Cerebral Ischemic stroke is a leading neurological disorder that causes severe brain damage, disability and mortality. Despite decades of effort into developing effective therapies for stroke, the treatment strategies available are unable to prevent progression of damage cause by cerebral ischemic lesion (or stroke) in the acutely injured human brain. Moreover, neuroprotective drugs which, have been validated in preclinical models have failed to achieve desirable clinical benefits in clinical trials. Identifying new molecular pathways and mechanisms that underlie the progression of pathology in injured human brain post-stroke is vital in developing effective therapies to treat this disorder.

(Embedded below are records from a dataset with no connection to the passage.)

(* (a) Let $p,q>0$ and $a_k=e^{pk^q}$, $k\ge1$; then $\lim_{N\to\infty}E[U_j^N]=I(\alpha;j)<\infty$ for all $j\ge2$. (b) The same holds for $a_k=k!$, $k\ge1$. (c) For $p>0$ and the decaying sequence $b_k=e^{-pk}$, $k\ge1$, the limit $\lim_{N\to\infty}E[U_j^N]$ exists and is finite for all $j\ge2$, and equals $I(\alpha;j)$ with $\alpha=\{e^{pk}\}_{k\ge1}$.
   Context: For a positive sequence $\{c_k\}$ and $N\ge2$, coupon type $k\in\{1,\dots,N\}$ has probability $c_k/\sum_{i=1}^Nc_i$; $U_j^N$ is the number of empty album places of the $j$-th collector when the first collector completes her set (each collector passes duplicates to the next one), with $$E[U_j^N]=\sum_{k=1}^N\int_0^\infty c_k e^{-c_k t}\frac{(c_kt)^{j-1}}{(j-1)!}\prod_{i\ne k,\,1\le i\le N}\big(1-e^{-c_i t}\big)\,dt.$$ For a positive sequence $\alpha=\{a_k\}$: $x_\alpha:=\inf\{x\in[0,1]:\sum_k x^{a_k}=\infty\}$, $L(x;\alpha;j):=\sum_{k}a_k^j\frac{x^{a_k}}{1-x^{a_k}}$, $F(x;\alpha):=\prod_{k}(1-x^{a_k})$, $I(\alpha;j):=\frac{1}{(j-1)!}\int_0^{x_\alpha}L(x;\alpha;j)F(x;\alpha)|\ln x|^{j-1}\frac{dx}{x}$. *)

From Stdlib Require Import Reals Lra Lia Arith Factorial Classical ClassicalEpsilon.
Open Scope R_scope.

(* x^y for real y with the convention 0^y = 0 (y > 0); x > 0 uses Rpower. *)
Definition rpow (x y : R) : R := if Rle_dec x 0 then 0 else Rpower x y.

Definition lim_seq (u : nat -> R) : R := epsilon (inhabits 0) (fun l => Un_cv u l).

Definition ImpIntInf (f : R -> R) (a l : R) : Prop :=
  (forall v, a <= v -> inhabited (Riemann_integrable f a v)) /\
  (forall eps, eps > 0 -> exists M, forall v (pr : Riemann_integrable f a v),
       M <= v -> a <= v -> Rabs (RiemannInt pr - l) < eps).

Definition ImpIntOpen (f : R -> R) (a b l : R) : Prop :=
  (forall u v, a < u -> u <= v -> v < b -> inhabited (Riemann_integrable f u v)) /\
  (forall eps, eps > 0 -> exists d, d > 0 /\
     forall u v (pr : Riemann_integrable f u v),
       a < u -> u < a + d -> b - d < v -> v < b -> u <= v ->
       Rabs (RiemannInt pr - l) < eps).

Definition imp_int_inf (f : R -> R) (a : R) : R :=
  epsilon (inhabits 0) (fun l => ImpIntInf f a l).

(* Sequences are indexed by k >= 1: the value at k is c k (c 0 is unused). *)

(* integrand of the k-th summand of E[U_j^N]:
   c_k e^{-c_k t} (c_k t)^{j-1}/(j-1)! prod_{i<>k, 1<=i<=N} (1 - e^{-c_i t}) *)
Definition EU_integrand (c : nat -> R) (N j k : nat) (t : R) : R :=
  c k * exp (- (c k * t)) * (c k * t) ^ (j - 1) / INR (fact (j - 1)) *
  prod_f_R0 (fun i => if Nat.eqb (S i) k then 1 else 1 - exp (- (c (S i) * t)))
            (N - 1).

Definition EU (c : nat -> R) (j N : nat) : R :=
  sum_f_R0 (fun k => imp_int_inf (EU_integrand c N j (S k)) 0) (N - 1).

Definition is_inf (S : R -> Prop) (m : R) : Prop :=
  (forall x, S x -> m <= x) /\ (forall m', (forall x, S x -> m' <= x) -> m' <= m).

Definition diverge_set (a : nat -> R) (x : R) : Prop :=
  0 <= x <= 1 /\
  forall M, exists n, sum_f_R0 (fun k => rpow x (a (S k))) n > M.

Definition xalpha (a : nat -> R) : R := epsilon (inhabits 0) (is_inf (diverge_set a)).

Definition Lfun (a : nat -> R) (j : nat) (x : R) : R :=
  lim_seq (fun n => sum_f_R0
    (fun k => (a (S k)) ^ j * rpow x (a (S k)) / (1 - rpow x (a (S k)))) n).

Definition Ffun (a : nat -> R) (x : R) : R :=
  lim_seq (fun n => prod_f_R0 (fun k => 1 - rpow x (a (S k))) n).

Definition I_integrand (a : nat -> R) (j : nat) (x : R) : R :=
  / INR (fact (j - 1)) * (Lfun a j x * Ffun a x * (Rabs (ln x)) ^ (j - 1) / x).

(* "lim_{N->oo} E[U_j^N] = I(alpha;j) < oo" for coupon weights c and sequence a:
   every integral defining E[U_j^N] converges, the improper integral I(alpha;j)
   over (0, x_alpha) converges to a finite value l, and E[U_j^N] -> l. *)
Definition LimitIsI (c a : nat -> R) (j : nat) : Prop :=
  (forall N k, (2 <= N)%nat -> (1 <= k <= N)%nat ->
      exists v, ImpIntInf (EU_integrand c N j k) 0 v) /\
  exists l, ImpIntOpen (I_integrand a j) 0 (xalpha a) l /\
            Un_cv (fun N => EU c j N) l.

From Stdlib Require Import Reals Factorial Lra Lia ClassicalEpsilon FunctionalExtensionality.
From Coquelicot Require Import Coquelicot.
Open Scope R_scope.

(* The substitution x = e^{-t} turns I(alpha; j) into an integral over (0, +oo) whose
   integrand is the limit, as N -> oo, of the integrand of E[U_j^N] with c = a, which is
   sum_{k <= N} of a_k e^{-a_k t} (a_k t)^{j-1}/(j-1)! prod_{i <> k} (1 - e^{-a_i t}).
   Convergence on compact subsets of (0, +oo) comes from the uniform convergence of the
   series L and of the product F on compact subsets of (0, 1), which holds because
   sum_k a_k^j x^{a_k} converges there (a_k grows at least linearly).  Near t = 0 and
   t = +oo, and for large k, the k-th summand is dominated, uniformly in N, by
   a_k^j t^{j-1} e^{-a_k t}/(j-1)! prod_{i < k} (1 - e^{-a_i t}); bounding
   1 - e^{-a_i t} <= a_i t, its integral is at most
   D_k = (j+k-2)!/(j-1)! a_1 ... a_{k-1} / a_k^{k-1}, and
   D_{k+1}/D_k = (j+k-1) (a_k/a_{k+1})^k, which is eventually <= 1/2 for e^{pk^q}, k!
   and e^{pk}, so sum_k D_k < oo.  For (c), the substitution t -> e^{-p(N+1)} t
   together with the reversal k -> N+1-k identifies E[U_j^N] for c_k = e^{-pk} with
   E[U_j^N] for c_k = e^{pk}. *)

Lemma lim_seq_eq u l : Un_cv u l -> lim_seq u = l.
Proof.
  intros H. unfold lim_seq.
  assert (H2 := epsilon_spec (inhabits 0) (fun l => Un_cv u l) (ex_intro _ l H)).
  exact (UL_sequence _ _ _ H2 H).
Qed.

Lemma ImpIntInf_unique f a l1 l2 : ImpIntInf f a l1 -> ImpIntInf f a l2 -> l1 = l2.
Proof.
  intros [Hint H1] [_ H2]. apply cond_eq. intros e He.
  destruct (H1 (e / 2) ltac:(lra)) as [M1 HM1]. destruct (H2 (e / 2) ltac:(lra)) as [M2 HM2].
  set (v := Rmax a (Rmax M1 M2)).
  assert (Hav : a <= v) by apply Rmax_l.
  assert (HM : M1 <= v /\ M2 <= v) by (unfold v; split; eauto using Rle_trans, Rmax_l, Rmax_r).
  destruct (Hint v Hav) as [pr].
  specialize (HM1 v pr (proj1 HM) Hav). specialize (HM2 v pr (proj2 HM) Hav).
  apply Rabs_def2 in HM1. apply Rabs_def2 in HM2. apply Rabs_def1; lra.
Qed.

Lemma imp_int_inf_eq f a l : ImpIntInf f a l -> imp_int_inf f a = l.
Proof.
  intros H. unfold imp_int_inf.
  assert (H2 := epsilon_spec (inhabits 0) (fun l => ImpIntInf f a l) (ex_intro _ l H)).
  exact (ImpIntInf_unique _ _ _ _ H2 H).
Qed.

Lemma ex_RInt_on_nonneg (f : R -> R) (u v : R) :
  (forall t, 0 <= t -> continuous f t) -> 0 <= u -> 0 <= v -> ex_RInt f u v.
Proof.
  intros Hc Hu Hv. apply (@ex_RInt_continuous R_CompleteNormedModule). intros z Hz. apply Hc.
  destruct (Rle_dec u v); [rewrite Rmin_left in Hz|rewrite Rmin_right in Hz]; lra.
Qed.

Lemma ImpIntInf_RInt (f : R -> R) (l : R) : (forall t, 0 <= t -> continuous f t) ->
  ImpIntInf f 0 l <->
  (forall e, e > 0 -> exists M, forall v, M <= v -> 0 <= v -> Rabs (RInt f 0 v - l) < e).
Proof.
  intros Hc. split.
  - intros [_ Hl] e He. destruct (Hl e He) as [M HM]. exists M. intros v HMv Hv.
    rewrite (RInt_Reals f 0 v (ex_RInt_Reals_0 _ _ _ (ex_RInt_on_nonneg f 0 v Hc (Rle_refl 0) Hv))).
    now apply HM.
  - intros Hl. split.
    + intros v Hv. constructor. apply ex_RInt_Reals_0, ex_RInt_on_nonneg; auto; lra.
    + intros e He. destruct (Hl e He) as [M HM]. exists M. intros v pr HMv Hv.
      rewrite <- RInt_Reals. now apply HM.
Qed.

Recent studies suggest that restoring the integrity of the so called “Extended Neurovascular unit” is therapeutically vital for the successful treatment of ischemic stroke. The neurovascular unit is a functional and structurally interdependent multi-cellular complex, comprised of endothelial cells, the basal lamina, pericytes, astrocytes, and neurons. Dysfunction of the neurovascular unit is associated with a reduction in cerebral blood flow (CBF) and hypoxia ultimately leading to neuronal death. Studies have shown that in stroke neurovascular dysfunction prevails outside the ischemic core, in the penumbral area (the region that is immediately adjacent to the core with less severe blood perfusion deficits), however the underlying molecular mechanisms are not completely understood.
Astrocytes regulate neuronal function, synaptic plasticity and cerebral blood flow by elevations in Ca2+ concentrations in soma as well as in their cellular processes. Further, brain astrocytes use Ca2+ waves (ACW’s) as a means for communicating with each other and with other cell-types. Recent studies have suggested that the occurrence of spontaneous glial Ca2+ waves (ACW’s) was 20-fold higher in the cortex of aging brain as compared to the adult brain and that increased Ca2+ waves in astrocytes correlated with the reduction in resting brain oxygen tension suggesting a relationship between glial waves, brain energy homeostatic and pathology.
In this study, we hypothesize that glial Ca2+ signals (both in the form of transients Ca2+ elevations and ACW’s) might represent the underlying mechanisms of damage in ischemic penumbra in stroke. By using state-of-the-art two-photon Ca2+ imaging and electrophysiology, we aim to examine astroglial Ca2+ signals and waves and its impact on neuronal function in a mouse model of stroke (middle cerebral occlusion model).